Available records →
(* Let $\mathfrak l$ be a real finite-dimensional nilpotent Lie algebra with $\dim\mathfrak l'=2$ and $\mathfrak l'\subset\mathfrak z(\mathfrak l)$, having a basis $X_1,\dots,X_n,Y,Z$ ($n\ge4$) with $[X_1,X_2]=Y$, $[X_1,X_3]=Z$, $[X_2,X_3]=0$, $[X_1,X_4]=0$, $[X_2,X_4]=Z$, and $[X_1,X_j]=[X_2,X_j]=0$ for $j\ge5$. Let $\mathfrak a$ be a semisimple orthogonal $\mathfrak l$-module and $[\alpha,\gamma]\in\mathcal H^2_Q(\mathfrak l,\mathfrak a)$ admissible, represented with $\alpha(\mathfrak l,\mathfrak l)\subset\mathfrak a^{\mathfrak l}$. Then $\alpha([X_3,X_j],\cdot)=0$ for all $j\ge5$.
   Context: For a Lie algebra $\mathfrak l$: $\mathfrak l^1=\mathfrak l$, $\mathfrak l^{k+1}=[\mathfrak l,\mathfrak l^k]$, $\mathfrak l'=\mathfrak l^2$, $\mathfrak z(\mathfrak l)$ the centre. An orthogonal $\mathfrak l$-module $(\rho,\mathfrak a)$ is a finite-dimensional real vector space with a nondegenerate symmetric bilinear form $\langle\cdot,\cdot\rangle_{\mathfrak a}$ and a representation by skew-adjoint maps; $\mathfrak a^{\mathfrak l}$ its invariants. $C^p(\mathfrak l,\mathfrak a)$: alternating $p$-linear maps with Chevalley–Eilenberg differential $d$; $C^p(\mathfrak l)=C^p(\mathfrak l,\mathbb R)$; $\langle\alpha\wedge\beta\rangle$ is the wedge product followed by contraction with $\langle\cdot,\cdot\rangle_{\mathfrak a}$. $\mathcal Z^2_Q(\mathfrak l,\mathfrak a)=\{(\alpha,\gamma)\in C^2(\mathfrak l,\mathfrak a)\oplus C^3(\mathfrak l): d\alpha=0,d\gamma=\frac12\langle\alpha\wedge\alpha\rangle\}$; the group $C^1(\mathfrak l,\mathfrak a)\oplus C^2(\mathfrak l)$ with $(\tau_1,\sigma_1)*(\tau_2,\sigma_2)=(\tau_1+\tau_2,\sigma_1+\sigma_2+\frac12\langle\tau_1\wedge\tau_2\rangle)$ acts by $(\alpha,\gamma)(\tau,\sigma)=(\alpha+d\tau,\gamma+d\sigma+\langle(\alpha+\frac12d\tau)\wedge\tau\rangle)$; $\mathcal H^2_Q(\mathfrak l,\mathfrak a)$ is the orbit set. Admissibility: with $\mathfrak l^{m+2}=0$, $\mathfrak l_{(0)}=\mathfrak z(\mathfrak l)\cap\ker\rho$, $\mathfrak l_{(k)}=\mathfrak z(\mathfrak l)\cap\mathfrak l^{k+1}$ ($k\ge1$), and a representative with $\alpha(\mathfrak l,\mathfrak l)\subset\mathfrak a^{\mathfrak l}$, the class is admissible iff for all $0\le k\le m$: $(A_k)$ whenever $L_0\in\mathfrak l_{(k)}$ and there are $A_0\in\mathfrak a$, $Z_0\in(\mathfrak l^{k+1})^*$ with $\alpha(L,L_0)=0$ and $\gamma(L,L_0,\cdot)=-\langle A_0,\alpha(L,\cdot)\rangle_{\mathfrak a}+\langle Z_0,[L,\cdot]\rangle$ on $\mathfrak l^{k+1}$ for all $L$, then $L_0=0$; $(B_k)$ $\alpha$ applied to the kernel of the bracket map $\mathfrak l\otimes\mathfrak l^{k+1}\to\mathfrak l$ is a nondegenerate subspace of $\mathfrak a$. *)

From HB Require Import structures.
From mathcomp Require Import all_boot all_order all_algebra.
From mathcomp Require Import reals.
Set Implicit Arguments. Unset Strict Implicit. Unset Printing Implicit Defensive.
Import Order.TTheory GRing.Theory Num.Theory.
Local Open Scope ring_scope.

Exercise objective →
For this exercise, write all the records out again exactly.

Task result →
(* Let $\mathfrak l$ be a real finite-dimensional nilpotent Lie algebra with $\dim\mathfrak l'=2$ and $\mathfrak l'\subset\mathfrak z(\mathfrak l)$, having a basis $X_1,\dots,X_n,Y,Z$ ($n\ge4$) with $[X_1,X_2]=Y$, $[X_1,X_3]=Z$, $[X_2,X_3]=0$, $[X_1,X_4]=0$, $[X_2,X_4]=Z$, and $[X_1,X_j]=[X_2,X_j]=0$ for $j\ge5$. Let $\mathfrak a$ be a semisimple orthogonal $\mathfrak l$-module and $[\alpha,\gamma]\in\mathcal H^2_Q(\mathfrak l,\mathfrak a)$ admissible, represented with $\alpha(\mathfrak l,\mathfrak l)\subset\mathfrak a^{\mathfrak l}$. Then $\alpha([X_3,X_j],\cdot)=0$ for all $j\ge5$.
   Context: For a Lie algebra $\mathfrak l$: $\mathfrak l^1=\mathfrak l$, $\mathfrak l^{k+1}=[\mathfrak l,\mathfrak l^k]$, $\mathfrak l'=\mathfrak l^2$, $\mathfrak z(\mathfrak l)$ the centre. An orthogonal $\mathfrak l$-module $(\rho,\mathfrak a)$ is a finite-dimensional real vector space with a nondegenerate symmetric bilinear form $\langle\cdot,\cdot\rangle_{\mathfrak a}$ and a representation by skew-adjoint maps; $\mathfrak a^{\mathfrak l}$ its invariants. $C^p(\mathfrak l,\mathfrak a)$: alternating $p$-linear maps with Chevalley–Eilenberg differential $d$; $C^p(\mathfrak l)=C^p(\mathfrak l,\mathbb R)$; $\langle\alpha\wedge\beta\rangle$ is the wedge product followed by contraction with $\langle\cdot,\cdot\rangle_{\mathfrak a}$. $\mathcal Z^2_Q(\mathfrak l,\mathfrak a)=\{(\alpha,\gamma)\in C^2(\mathfrak l,\mathfrak a)\oplus C^3(\mathfrak l): d\alpha=0,d\gamma=\frac12\langle\alpha\wedge\alpha\rangle\}$; the group $C^1(\mathfrak l,\mathfrak a)\oplus C^2(\mathfrak l)$ with $(\tau_1,\sigma_1)*(\tau_2,\sigma_2)=(\tau_1+\tau_2,\sigma_1+\sigma_2+\frac12\langle\tau_1\wedge\tau_2\rangle)$ acts by $(\alpha,\gamma)(\tau,\sigma)=(\alpha+d\tau,\gamma+d\sigma+\langle(\alpha+\frac12d\tau)\wedge\tau\rangle)$; $\mathcal H^2_Q(\mathfrak l,\mathfrak a)$ is the orbit set. Admissibility: with $\mathfrak l^{m+2}=0$, $\mathfrak l_{(0)}=\mathfrak z(\mathfrak l)\cap\ker\rho$, $\mathfrak l_{(k)}=\mathfrak z(\mathfrak l)\cap\mathfrak l^{k+1}$ ($k\ge1$), and a representative with $\alpha(\mathfrak l,\mathfrak l)\subset\mathfrak a^{\mathfrak l}$, the class is admissible iff for all $0\le k\le m$: $(A_k)$ whenever $L_0\in\mathfrak l_{(k)}$ and there are $A_0\in\mathfrak a$, $Z_0\in(\mathfrak l^{k+1})^*$ with $\alpha(L,L_0)=0$ and $\gamma(L,L_0,\cdot)=-\langle A_0,\alpha(L,\cdot)\rangle_{\mathfrak a}+\langle Z_0,[L,\cdot]\rangle$ on $\mathfrak l^{k+1}$ for all $L$, then $L_0=0$; $(B_k)$ $\alpha$ applied to the kernel of the bracket map $\mathfrak l\otimes\mathfrak l^{k+1}\to\mathfrak l$ is a nondegenerate subspace of $\mathfrak a$. *)

From HB Require Import structures.
From mathcomp Require Import all_boot all_order all_algebra.
From mathcomp Require Import reals.
Set Implicit Arguments. Unset Strict Implicit. Unset Printing Implicit Defensive.
Import Order.TTheory GRing.Theory Num.Theory.
Local Open Scope ring_scope.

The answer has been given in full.